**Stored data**

----------

(* Let $K,G:[0,\infty)\to\mathbb{R}$ be continuous, let $f$ solve $f''+Kf=0$ with $f>0$ on $(0,\infty)$ and $\int_1^\infty f(t)^{-2}dt<\infty$, and let $m$ solve $m''+Gm=0$ with $m(0)=f(0)$, $m'(0)=f'(0)$. Suppose the support of $G-K$ is contained in a bounded interval $[a,b]\subset[1,\infty)$, and assume $\alpha(m)<\infty$. Then $$\int_a^b|Gm-Kf|\,dt\le(\alpha(m)+1)\|G-K\|_2\,\|f|_{[a,b]}\|_2+\alpha(m)\int_a^b|f''|\,dt,$$ $$\int_b^\infty|Gm-Kf|\,dt\le\alpha(m)\int_b^\infty|f''|\,dt,$$ and consequently $$\int_0^\infty|Gm-Kf|\,dt\le\alpha(m)\int_a^\infty|f''|\,dt+(\alpha(m)+1)\|G-K\|_2\,\|f|_{[a,b]}\|_2.$$
   Context: Notation: $\|G-K\|_2:=\sqrt{\int_0^\infty|G-K|^2dt}$; $\|f|_{[a,b]}\|_2:=\sqrt{\int_a^b f(t)^2dt}$; $\sigma(t):=m(t)/f(t)-1$ for $t>0$; $\alpha(m):=\sup_{t>0}|\sigma(t)|$. *)

From Stdlib Require Import Reals Lra.
Open Scope R_scope.

Definition cont_nonneg (K : R -> R) : Prop :=
  forall t, 0 <= t -> forall eps, 0 < eps -> exists delta, 0 < delta /\
    forall s, 0 <= s -> Rabs (s - t) < delta -> Rabs (K s - K t) < eps.

Definition deriv_nonneg (f df : R -> R) : Prop :=
  forall t, 0 <= t -> forall eps, 0 < eps -> exists delta, 0 < delta /\
    forall h, h <> 0 -> Rabs h < delta -> 0 <= t + h ->
      Rabs ((f (t + h) - f t) / h - df t) < eps.

Definition Rint (g : R -> R) (a b v : R) : Prop :=
  exists pr : Riemann_integrable g a b, RiemannInt pr = v.

Definition improper_int (g : R -> R) (a l : R) : Prop :=
  (forall T, a <= T -> exists v, Rint g a T v) /\
  forall eps, 0 < eps -> exists M, forall T v, M <= T -> a <= T ->
    Rint g a T v -> Rabs (v - l) < eps.

(* Up to [a] the functions [m] and [f] solve the same linear equation [u'' + K u = 0] with the
   same initial data, so [m = f] on [[0, a]] (energy estimate and Gronwall) and the defect
   [|G m - K f|] vanishes there.  For [t > 0] write [m = f (1 + s)] with [|s| <= alpha]; then
   [G m - K f = (G - K) f (1 + s) + K f s] and [K f = - f''], whence
   [|G m - K f| <= (alpha + 1) |G - K| f + alpha |f''|].  Integrating over [[a, b]], with
   Cauchy-Schwarz on the first term, and over [[b, oo)], where [G = K], gives the estimates. *)

From Stdlib Require Import Reals Lra Classical.
Open Scope R_scope.

Lemma Rmax_lipschitz s t c : Rabs (Rmax s c - Rmax t c) <= Rabs (s - t).
Proof.
  unfold Rmax; destruct (Rle_dec s c), (Rle_dec t c);
    unfold Rabs; repeat destruct Rcase_abs; lra.
Qed.

Lemma cont_nonneg_continuity g :
  cont_nonneg g <-> forall t, continuity_pt (fun s => g (Rmax s 0)) t.
Proof.
  split.
  - intros hg t eps heps.
    destruct (hg (Rmax t 0) (Rmax_r t 0) eps heps) as [d [hd hcont]].
    exists d; split; [exact hd|]; intros s [_ hs]; simpl in *; unfold R_dist in *.
    apply hcont; [apply Rmax_r|].
    exact (Rle_lt_trans _ _ _ (Rmax_lipschitz s t 0) hs).
  - intros hg t ht eps heps.
    destruct (hg t eps heps) as [d [hd hcont]].
    exists d; split; [exact hd|]; intros s hs hst.
    destruct (Req_dec s t) as [->|hne]; [rewrite Rminus_diag, Rabs_R0; lra|].
    specialize (hcont s (conj (conj I (not_eq_sym hne)) hst)).
    simpl in hcont; unfold R_dist in hcont.
    now rewrite !Rmax_left in hcont.
Qed.

Lemma cont_nonneg_ext g1 g2 : (forall t, 0 <= t -> g1 t = g2 t) ->
  cont_nonneg g1 -> cont_nonneg g2.
Proof.
  intros heq hg t ht eps heps.
  destruct (hg t ht eps heps) as [d [hd hcont]].
  exists d; split; [exact hd|]; intros s hs hst.
  rewrite <- !heq by assumption; auto.
Qed.

Lemma cont_nonneg_comp g h : cont_nonneg g -> continuity h ->
  cont_nonneg (fun t => h (g t)).
Proof.
  rewrite !cont_nonneg_continuity; intros hg hh t.
  apply (continuity_pt_comp (fun s => g (Rmax s 0)) h); auto.
Qed.

Lemma cont_nonneg_mult g1 g2 : cont_nonneg g1 -> cont_nonneg g2 ->
  cont_nonneg (fun t => g1 t * g2 t).
Proof.
  rewrite !cont_nonneg_continuity; intros h1 h2 t.
  now apply continuity_pt_mult.
Qed.

Lemma cont_nonneg_minus g1 g2 : cont_nonneg g1 -> cont_nonneg g2 ->
  cont_nonneg (fun t => g1 t - g2 t).
Proof.
  rewrite !cont_nonneg_continuity; intros h1 h2 t.
  now apply continuity_pt_minus.
Qed.

Lemma cont_nonneg_abs g : cont_nonneg g -> cont_nonneg (fun t => Rabs (g t)).
Proof. intros hg; exact (cont_nonneg_comp g Rabs hg Rcontinuity_abs). Qed.

Lemma cont_nonneg_pow2 g : cont_nonneg g -> cont_nonneg (fun t => g t ^ 2).
Proof.
  intros hg; apply (cont_nonneg_comp g (fun x => x ^ 2) hg).
  intros x; apply derivable_continuous_pt, derivable_pt_pow.
Qed.

Lemma cont_nonneg_bounded g a : cont_nonneg g ->
  exists M, forall t, 0 <= t <= a -> Rabs (g t) <= M.
Proof.
  intros hg.
  destruct (Rle_lt_dec 0 a) as [ha|ha].
  2: { exists 0; intros t ht; lra. }
  destruct (continuity_ab_maj (fun s => Rabs (g (Rmax s 0))) 0 a ha) as [x [hx _]].
  { intros t _; exact (proj1 (cont_nonneg_continuity _) (cont_nonneg_abs g hg) t). }
  exists (Rabs (g (Rmax x 0))); intros t ht.
  specialize (hx t ht); simpl in hx; now rewrite Rmax_left in hx by lra.
Qed.

(* If a difference quotient stays within 1 of [dg t], then [|g s - g t| <= (1 + |dg t|) |s - t|]. *)
Lemma deriv_nonneg_cont g dg : deriv_nonneg g dg -> cont_nonneg g.
Proof.
  intros hg t ht eps heps.
  destruct (hg t ht 1 Rlt_0_1) as [d [hd hquot]].
  set (c := 1 + Rabs (dg t)).
  assert (hc : 0 < c) by (pose proof (Rabs_pos (dg t)); unfold c; lra).
  exists (Rmin d (eps / c)); split; [apply Rmin_pos; [lra | apply Rdiv_lt_0_compat; lra]|].
  intros s hs hst.
  destruct (Req_dec s t) as [->|hne]; [rewrite Rminus_diag, Rabs_R0; lra|].
  assert (hh : s - t <> 0) by lra.
  specialize (hquot (s - t) hh (Rlt_le_trans _ _ _ hst (Rmin_l _ _))).
  replace (t + (s - t)) with s in hquot by ring.
  assert (hq : Rabs ((g s - g t) / (s - t)) <= c).
  { unfold c; replace ((g s - g t) / (s - t)) with (((g s - g t) / (s - t) - dg t) + dg t) by ring.
    pose proof (Rabs_triang ((g s - g t) / (s - t) - dg t) (dg t)); lra. }
  replace (g s - g t) with ((g s - g t) / (s - t) * (s - t)) by (field; exact hh).
  rewrite Rabs_mult.
  assert (hst' : Rabs (s - t) < eps / c) by exact (Rlt_le_trans _ _ _ hst (Rmin_r _ _)).
  apply Rle_lt_trans with (c * Rabs (s - t)).
  - apply Rmult_le_compat_r; [apply Rabs_pos | exact hq].
  - apply (Rmult_lt_reg_r (/ c)); [apply Rinv_0_lt_compat; lra|].
    replace (c * Rabs (s - t) * / c) with (Rabs (s - t)) by (field; lra).
    exact hst'.
Qed.

Lemma Rint_unique g x y v w : Rint g x y v -> Rint g x y w -> v = w.
Proof. intros [p1 <-] [p2 <-]. apply RiemannInt_P5. Qed.

Lemma Rint_plus_scal g1 g2 x y l v1 v2 : Rint g1 x y v1 -> Rint g2 x y v2 ->
  Rint (fun t => g1 t + l * g2 t) x y (v1 + l * v2).
Proof.
  intros [p1 <-] [p2 <-]. exists (RiemannInt_P10 l p1 p2). apply RiemannInt_P13.
Qed.

Lemma Rint_le g1 g2 x y v1 v2 : x <= y -> (forall t, x < t < y -> g1 t <= g2 t) ->
  Rint g1 x y v1 -> Rint g2 x y v2 -> v1 <= v2.
Proof. intros hxy hle [p1 <-] [p2 <-]. now apply RiemannInt_P19. Qed.

Lemma Rint_ext g1 g2 x y v : x <= y -> (forall t, x <= t <= y -> g1 t = g2 t) ->
  Rint g1 x y v -> Rint g2 x y v.
Proof.
  intros hxy heq [p1 <-].
  assert (heq' : forall t, Rmin x y <= t <= Rmax x y -> g1 t = g2 t).
  { rewrite Rmin_left, Rmax_right by exact hxy; exact heq. }
  exists (@Riemann_integrable_ext g1 g2 x y heq' p1).
  apply Rle_antisym; apply RiemannInt_P19; auto; intros t ht; rewrite heq; lra.
Qed.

----------

**What the task asks**
From the records above, retype only the lines starting at the line that contains "Lemma deriv_nonneg_cont g" and ending at the line that contains "assert (hc : 0", both included.

**Answer box**
Lemma deriv_nonneg_cont g dg : deriv_nonneg g dg -> cont_nonneg g.
Proof.
  intros hg t ht eps heps.
  destruct (hg t ht 1 Rlt_0_1) as [d [hd hquot]].
  set (c := 1 + Rabs (dg t)).
  assert (hc : 0 < c) by (pose proof (Rabs_pos (dg t)); unfold c; lra).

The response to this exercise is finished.